Saved entries.
──────────

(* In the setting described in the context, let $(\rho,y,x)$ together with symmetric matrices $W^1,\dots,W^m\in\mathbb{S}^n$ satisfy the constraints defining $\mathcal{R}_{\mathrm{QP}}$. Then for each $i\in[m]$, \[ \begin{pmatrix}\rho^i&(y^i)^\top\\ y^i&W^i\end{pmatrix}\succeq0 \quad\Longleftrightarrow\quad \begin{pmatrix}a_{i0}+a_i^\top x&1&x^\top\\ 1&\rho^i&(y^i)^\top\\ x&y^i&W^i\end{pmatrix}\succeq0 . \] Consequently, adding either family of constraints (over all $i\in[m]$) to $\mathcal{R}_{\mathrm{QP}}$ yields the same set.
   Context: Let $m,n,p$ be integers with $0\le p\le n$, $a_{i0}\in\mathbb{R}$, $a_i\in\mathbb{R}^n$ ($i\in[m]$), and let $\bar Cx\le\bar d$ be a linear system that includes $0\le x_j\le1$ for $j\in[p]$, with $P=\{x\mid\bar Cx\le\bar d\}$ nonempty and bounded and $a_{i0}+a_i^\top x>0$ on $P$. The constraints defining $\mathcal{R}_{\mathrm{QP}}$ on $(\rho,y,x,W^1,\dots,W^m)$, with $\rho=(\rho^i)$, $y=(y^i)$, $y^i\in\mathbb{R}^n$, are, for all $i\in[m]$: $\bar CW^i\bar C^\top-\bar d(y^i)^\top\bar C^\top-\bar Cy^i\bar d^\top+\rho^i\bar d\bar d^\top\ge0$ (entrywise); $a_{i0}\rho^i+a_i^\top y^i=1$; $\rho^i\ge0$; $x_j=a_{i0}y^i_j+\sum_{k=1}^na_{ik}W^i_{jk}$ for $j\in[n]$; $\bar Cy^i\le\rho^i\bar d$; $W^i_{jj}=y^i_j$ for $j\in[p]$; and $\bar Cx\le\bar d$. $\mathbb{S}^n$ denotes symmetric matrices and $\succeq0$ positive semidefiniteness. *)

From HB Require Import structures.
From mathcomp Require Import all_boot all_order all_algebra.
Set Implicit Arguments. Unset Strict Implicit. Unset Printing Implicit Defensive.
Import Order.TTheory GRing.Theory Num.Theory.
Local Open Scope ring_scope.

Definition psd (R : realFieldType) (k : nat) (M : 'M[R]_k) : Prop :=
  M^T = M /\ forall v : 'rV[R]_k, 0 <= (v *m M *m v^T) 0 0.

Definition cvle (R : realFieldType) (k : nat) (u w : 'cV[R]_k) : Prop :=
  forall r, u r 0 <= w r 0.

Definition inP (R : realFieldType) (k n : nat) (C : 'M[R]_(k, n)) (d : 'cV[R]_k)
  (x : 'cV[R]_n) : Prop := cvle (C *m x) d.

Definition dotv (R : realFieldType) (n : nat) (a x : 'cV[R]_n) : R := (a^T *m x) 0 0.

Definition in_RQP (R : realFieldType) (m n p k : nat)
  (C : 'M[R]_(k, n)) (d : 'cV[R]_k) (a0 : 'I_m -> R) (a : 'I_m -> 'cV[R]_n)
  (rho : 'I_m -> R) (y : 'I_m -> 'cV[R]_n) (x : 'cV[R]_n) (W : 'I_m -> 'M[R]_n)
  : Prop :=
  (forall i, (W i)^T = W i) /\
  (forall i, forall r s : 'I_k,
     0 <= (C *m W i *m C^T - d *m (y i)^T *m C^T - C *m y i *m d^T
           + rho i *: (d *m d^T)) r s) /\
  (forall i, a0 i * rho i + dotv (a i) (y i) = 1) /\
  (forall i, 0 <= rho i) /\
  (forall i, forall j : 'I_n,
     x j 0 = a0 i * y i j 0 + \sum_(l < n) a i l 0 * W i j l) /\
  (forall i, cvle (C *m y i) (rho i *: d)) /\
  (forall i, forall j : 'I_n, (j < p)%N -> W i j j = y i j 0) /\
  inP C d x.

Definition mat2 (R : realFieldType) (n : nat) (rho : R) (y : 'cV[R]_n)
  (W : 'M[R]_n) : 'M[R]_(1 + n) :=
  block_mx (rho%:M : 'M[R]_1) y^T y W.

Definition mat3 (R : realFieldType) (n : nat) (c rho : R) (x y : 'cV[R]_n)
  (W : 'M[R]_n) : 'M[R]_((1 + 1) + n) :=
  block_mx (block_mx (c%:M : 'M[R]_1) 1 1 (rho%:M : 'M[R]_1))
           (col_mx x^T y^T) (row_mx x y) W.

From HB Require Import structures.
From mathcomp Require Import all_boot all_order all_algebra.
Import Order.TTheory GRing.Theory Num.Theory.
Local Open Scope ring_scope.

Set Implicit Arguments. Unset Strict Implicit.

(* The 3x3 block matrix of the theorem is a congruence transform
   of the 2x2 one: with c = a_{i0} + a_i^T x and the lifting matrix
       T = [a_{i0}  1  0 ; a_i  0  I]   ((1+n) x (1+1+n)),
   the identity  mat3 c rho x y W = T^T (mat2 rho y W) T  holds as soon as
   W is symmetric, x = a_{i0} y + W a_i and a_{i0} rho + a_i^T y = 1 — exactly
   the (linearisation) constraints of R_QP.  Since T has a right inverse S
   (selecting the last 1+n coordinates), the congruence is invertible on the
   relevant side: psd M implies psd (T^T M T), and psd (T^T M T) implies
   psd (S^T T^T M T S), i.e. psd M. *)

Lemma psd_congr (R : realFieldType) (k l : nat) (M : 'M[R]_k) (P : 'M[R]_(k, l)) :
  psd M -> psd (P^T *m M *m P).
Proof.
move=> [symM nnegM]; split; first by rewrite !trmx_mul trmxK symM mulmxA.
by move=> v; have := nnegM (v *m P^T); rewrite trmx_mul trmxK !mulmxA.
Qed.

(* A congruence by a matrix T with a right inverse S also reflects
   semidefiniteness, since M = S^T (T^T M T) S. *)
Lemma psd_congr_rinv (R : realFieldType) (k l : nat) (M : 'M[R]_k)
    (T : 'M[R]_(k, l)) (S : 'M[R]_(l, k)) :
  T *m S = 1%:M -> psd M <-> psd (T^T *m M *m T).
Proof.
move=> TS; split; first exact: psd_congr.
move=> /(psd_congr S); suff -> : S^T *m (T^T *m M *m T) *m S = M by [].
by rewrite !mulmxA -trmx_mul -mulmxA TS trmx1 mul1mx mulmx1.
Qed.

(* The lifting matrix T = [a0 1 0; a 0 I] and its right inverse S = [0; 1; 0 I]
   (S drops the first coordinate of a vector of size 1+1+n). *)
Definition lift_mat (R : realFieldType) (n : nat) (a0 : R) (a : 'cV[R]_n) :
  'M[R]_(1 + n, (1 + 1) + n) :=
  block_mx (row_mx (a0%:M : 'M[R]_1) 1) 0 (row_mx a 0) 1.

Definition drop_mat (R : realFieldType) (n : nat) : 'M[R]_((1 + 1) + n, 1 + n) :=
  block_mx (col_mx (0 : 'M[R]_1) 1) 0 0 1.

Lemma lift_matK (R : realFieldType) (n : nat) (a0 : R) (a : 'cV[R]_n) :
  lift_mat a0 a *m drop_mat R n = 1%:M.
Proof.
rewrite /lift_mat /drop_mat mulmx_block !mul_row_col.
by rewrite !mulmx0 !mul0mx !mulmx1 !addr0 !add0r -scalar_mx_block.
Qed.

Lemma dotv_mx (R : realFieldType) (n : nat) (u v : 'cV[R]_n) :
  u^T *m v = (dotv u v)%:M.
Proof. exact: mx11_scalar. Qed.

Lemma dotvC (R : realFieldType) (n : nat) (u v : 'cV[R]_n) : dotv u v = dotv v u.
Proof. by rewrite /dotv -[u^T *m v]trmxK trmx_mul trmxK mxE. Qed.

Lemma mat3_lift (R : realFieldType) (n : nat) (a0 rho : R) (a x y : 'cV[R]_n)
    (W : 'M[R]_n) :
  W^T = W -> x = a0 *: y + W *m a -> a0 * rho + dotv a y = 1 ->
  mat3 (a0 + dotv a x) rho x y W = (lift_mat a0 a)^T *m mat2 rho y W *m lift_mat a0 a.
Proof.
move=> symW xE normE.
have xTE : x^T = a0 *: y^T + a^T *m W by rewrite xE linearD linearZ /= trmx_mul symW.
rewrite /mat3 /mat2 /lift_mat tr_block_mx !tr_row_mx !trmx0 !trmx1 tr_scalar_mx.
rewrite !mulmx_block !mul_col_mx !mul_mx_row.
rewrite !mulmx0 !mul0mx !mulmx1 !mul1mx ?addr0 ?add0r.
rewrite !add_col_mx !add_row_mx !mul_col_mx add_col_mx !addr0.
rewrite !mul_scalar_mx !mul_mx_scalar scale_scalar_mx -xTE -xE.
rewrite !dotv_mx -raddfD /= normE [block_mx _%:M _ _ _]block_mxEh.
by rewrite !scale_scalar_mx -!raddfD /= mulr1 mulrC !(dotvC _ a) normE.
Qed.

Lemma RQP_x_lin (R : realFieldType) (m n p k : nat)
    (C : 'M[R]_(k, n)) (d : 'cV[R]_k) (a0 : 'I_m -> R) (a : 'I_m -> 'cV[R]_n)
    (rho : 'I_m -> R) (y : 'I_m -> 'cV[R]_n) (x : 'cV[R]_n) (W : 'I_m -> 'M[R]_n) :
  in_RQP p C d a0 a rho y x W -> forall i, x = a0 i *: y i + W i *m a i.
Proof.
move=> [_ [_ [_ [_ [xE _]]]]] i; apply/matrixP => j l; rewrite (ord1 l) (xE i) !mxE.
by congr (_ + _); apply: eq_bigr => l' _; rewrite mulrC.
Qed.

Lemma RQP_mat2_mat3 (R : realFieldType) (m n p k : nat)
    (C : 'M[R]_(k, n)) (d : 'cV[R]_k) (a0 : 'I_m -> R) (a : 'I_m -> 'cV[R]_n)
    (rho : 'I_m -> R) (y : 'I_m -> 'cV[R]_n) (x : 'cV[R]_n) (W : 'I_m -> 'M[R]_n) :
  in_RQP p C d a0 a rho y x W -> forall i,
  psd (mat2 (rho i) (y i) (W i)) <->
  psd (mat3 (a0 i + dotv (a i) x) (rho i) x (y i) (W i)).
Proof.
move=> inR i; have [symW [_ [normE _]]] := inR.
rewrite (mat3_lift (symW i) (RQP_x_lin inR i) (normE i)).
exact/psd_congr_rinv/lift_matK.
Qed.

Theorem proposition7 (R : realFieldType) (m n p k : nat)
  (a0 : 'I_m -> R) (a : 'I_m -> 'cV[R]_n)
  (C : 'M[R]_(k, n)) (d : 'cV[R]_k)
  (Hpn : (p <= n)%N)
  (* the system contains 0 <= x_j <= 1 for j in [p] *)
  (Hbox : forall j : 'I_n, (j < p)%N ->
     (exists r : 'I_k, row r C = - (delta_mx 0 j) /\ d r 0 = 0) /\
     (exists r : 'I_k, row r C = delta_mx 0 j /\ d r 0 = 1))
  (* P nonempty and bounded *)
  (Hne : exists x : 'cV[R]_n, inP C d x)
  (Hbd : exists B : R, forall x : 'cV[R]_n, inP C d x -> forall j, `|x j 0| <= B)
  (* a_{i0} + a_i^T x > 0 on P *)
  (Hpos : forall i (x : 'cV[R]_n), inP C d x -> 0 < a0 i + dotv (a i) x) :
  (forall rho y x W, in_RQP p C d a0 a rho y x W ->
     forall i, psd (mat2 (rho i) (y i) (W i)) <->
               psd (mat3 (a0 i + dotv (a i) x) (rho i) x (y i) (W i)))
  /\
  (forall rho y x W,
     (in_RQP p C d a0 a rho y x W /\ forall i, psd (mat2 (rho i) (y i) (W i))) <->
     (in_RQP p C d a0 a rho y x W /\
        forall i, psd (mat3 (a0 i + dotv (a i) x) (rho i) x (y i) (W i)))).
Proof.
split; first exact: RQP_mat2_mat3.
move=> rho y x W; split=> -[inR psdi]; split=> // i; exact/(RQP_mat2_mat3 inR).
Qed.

──────────

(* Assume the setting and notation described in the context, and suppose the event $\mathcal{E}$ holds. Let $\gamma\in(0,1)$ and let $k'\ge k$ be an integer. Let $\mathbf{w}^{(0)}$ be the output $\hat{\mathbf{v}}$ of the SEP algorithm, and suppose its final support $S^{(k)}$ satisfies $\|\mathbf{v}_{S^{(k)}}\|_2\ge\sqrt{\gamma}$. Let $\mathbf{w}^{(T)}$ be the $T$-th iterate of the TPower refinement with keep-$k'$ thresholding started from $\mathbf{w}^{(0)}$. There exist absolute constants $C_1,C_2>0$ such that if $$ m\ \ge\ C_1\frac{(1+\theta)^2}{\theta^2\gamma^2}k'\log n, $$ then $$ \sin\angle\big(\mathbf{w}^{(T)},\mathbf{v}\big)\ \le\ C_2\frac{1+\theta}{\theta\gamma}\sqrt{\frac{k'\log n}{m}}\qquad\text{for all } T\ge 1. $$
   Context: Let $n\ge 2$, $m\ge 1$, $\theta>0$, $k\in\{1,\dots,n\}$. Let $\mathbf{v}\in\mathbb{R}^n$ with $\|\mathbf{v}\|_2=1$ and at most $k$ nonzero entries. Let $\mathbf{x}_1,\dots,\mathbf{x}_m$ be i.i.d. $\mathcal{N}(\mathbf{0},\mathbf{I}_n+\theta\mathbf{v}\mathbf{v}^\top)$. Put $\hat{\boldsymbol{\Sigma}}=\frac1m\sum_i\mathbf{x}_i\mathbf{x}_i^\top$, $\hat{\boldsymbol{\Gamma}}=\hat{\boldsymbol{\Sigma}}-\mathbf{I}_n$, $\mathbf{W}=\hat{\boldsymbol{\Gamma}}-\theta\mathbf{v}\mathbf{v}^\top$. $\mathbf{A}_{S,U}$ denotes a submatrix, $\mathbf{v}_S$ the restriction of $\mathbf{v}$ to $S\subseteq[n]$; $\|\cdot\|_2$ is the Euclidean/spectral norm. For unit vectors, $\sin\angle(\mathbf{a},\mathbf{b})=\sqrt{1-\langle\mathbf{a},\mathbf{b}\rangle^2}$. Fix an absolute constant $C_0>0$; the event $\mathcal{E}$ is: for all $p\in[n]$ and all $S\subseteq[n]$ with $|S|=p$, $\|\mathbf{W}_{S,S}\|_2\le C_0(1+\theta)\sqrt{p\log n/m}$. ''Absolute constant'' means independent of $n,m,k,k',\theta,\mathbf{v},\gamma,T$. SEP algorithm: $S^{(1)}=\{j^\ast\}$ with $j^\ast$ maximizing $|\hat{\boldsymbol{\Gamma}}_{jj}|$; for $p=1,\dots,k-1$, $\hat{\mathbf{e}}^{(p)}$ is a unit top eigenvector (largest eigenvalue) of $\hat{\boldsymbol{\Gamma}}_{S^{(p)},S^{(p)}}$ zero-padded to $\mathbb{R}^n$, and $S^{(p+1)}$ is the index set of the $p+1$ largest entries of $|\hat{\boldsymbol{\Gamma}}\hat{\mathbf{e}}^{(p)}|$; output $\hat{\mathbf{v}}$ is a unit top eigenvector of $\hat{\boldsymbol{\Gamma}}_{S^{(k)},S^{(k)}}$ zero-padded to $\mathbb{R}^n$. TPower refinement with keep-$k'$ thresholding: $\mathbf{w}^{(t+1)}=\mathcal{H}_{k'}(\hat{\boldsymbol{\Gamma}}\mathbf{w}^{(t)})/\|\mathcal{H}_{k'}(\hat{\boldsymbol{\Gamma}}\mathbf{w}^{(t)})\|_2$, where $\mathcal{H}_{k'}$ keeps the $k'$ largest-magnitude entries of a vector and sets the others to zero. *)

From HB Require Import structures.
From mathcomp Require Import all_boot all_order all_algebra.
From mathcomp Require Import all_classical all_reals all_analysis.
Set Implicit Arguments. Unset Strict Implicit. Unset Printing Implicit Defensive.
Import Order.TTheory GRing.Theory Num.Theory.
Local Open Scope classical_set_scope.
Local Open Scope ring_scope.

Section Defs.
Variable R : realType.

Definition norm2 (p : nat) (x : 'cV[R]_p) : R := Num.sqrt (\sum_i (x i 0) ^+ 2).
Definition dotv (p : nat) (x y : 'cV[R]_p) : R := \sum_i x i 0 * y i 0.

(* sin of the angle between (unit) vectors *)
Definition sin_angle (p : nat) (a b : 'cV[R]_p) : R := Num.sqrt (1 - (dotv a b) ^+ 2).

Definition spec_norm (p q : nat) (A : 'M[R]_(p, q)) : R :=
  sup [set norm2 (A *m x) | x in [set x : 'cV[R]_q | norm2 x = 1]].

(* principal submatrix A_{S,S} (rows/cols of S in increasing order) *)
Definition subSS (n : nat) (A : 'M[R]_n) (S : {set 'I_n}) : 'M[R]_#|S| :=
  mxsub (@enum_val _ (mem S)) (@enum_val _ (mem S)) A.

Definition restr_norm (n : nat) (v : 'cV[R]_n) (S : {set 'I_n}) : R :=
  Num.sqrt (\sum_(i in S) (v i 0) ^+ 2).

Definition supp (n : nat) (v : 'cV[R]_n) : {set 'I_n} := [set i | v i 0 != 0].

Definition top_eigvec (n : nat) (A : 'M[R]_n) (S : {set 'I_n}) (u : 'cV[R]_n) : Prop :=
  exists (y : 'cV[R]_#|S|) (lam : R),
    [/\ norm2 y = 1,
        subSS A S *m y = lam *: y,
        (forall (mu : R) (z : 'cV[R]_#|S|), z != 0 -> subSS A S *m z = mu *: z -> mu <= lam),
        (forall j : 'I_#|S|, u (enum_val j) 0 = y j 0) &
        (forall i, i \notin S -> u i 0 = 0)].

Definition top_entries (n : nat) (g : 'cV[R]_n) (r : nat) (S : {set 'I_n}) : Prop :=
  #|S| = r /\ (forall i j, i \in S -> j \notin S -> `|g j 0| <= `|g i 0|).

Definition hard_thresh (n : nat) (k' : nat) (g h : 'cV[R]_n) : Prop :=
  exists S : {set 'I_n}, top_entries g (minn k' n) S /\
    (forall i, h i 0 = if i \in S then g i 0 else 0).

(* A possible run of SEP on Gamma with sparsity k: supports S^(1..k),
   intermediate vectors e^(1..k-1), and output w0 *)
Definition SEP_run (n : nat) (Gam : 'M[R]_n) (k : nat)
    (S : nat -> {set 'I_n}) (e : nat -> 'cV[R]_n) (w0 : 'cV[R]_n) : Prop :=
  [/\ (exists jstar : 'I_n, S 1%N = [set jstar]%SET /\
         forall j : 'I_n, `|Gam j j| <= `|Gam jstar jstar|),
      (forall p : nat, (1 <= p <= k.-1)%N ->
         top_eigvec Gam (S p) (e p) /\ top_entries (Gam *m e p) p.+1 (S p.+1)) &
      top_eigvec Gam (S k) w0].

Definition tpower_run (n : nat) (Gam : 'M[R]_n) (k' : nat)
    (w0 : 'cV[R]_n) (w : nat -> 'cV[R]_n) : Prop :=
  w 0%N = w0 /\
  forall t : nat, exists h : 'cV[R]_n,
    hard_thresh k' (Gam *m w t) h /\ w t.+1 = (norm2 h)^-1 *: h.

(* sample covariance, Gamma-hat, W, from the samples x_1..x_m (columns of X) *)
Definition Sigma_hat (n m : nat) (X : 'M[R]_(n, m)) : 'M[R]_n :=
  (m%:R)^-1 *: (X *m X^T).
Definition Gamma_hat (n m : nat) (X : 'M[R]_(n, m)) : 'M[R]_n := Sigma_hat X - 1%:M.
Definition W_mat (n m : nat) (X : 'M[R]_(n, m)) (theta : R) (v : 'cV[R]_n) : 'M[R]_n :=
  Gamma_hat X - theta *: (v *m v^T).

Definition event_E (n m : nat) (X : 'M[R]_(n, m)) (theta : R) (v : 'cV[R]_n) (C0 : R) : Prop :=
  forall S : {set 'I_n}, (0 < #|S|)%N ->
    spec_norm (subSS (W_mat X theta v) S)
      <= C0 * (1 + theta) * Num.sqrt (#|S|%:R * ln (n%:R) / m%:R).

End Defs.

──────────

Directions for this task. Would you print exactly, and only, the lines of the data above from the line with "rewrite /mat3 /mat2" through the line with "(Hne : exists x : 'cV[R]_n, inP C d x)", inclusive?

Response below.
rewrite /mat3 /mat2 /lift_mat tr_block_mx !tr_row_mx !trmx0 !trmx1 tr_scalar_mx.
rewrite !mulmx_block !mul_col_mx !mul_mx_row.
rewrite !mulmx0 !mul0mx !mulmx1 !mul1mx ?addr0 ?add0r.
rewrite !add_col_mx !add_row_mx !mul_col_mx add_col_mx !addr0.
rewrite !mul_scalar_mx !mul_mx_scalar scale_scalar_mx -xTE -xE.
rewrite !dotv_mx -raddfD /= normE [block_mx _%:M _ _ _]block_mxEh.
by rewrite !scale_scalar_mx -!raddfD /= mulr1 mulrC !(dotvC _ a) normE.
Qed.

Lemma RQP_x_lin (R : realFieldType) (m n p k : nat)
    (C : 'M[R]_(k, n)) (d : 'cV[R]_k) (a0 : 'I_m -> R) (a : 'I_m -> 'cV[R]_n)
    (rho : 'I_m -> R) (y : 'I_m -> 'cV[R]_n) (x : 'cV[R]_n) (W : 'I_m -> 'M[R]_n) :
  in_RQP p C d a0 a rho y x W -> forall i, x = a0 i *: y i + W i *m a i.
Proof.
move=> [_ [_ [_ [_ [xE _]]]]] i; apply/matrixP => j l; rewrite (ord1 l) (xE i) !mxE.
by congr (_ + _); apply: eq_bigr => l' _; rewrite mulrC.
Qed.

Lemma RQP_mat2_mat3 (R : realFieldType) (m n p k : nat)
    (C : 'M[R]_(k, n)) (d : 'cV[R]_k) (a0 : 'I_m -> R) (a : 'I_m -> 'cV[R]_n)
    (rho : 'I_m -> R) (y : 'I_m -> 'cV[R]_n) (x : 'cV[R]_n) (W : 'I_m -> 'M[R]_n) :
  in_RQP p C d a0 a rho y x W -> forall i,
  psd (mat2 (rho i) (y i) (W i)) <->
  psd (mat3 (a0 i + dotv (a i) x) (rho i) x (y i) (W i)).
Proof.
move=> inR i; have [symW [_ [normE _]]] := inR.
rewrite (mat3_lift (symW i) (RQP_x_lin inR i) (normE i)).
exact/psd_congr_rinv/lift_matK.
Qed.

Theorem proposition7 (R : realFieldType) (m n p k : nat)
  (a0 : 'I_m -> R) (a : 'I_m -> 'cV[R]_n)
  (C : 'M[R]_(k, n)) (d : 'cV[R]_k)
  (Hpn : (p <= n)%N)
  (* the system contains 0 <= x_j <= 1 for j in [p] *)
  (Hbox : forall j : 'I_n, (j < p)%N ->
     (exists r : 'I_k, row r C = - (delta_mx 0 j) /\ d r 0 = 0) /\
     (exists r : 'I_k, row r C = delta_mx 0 j /\ d r 0 = 1))
  (* P nonempty and bounded *)
  (Hne : exists x : 'cV[R]_n, inP C d x)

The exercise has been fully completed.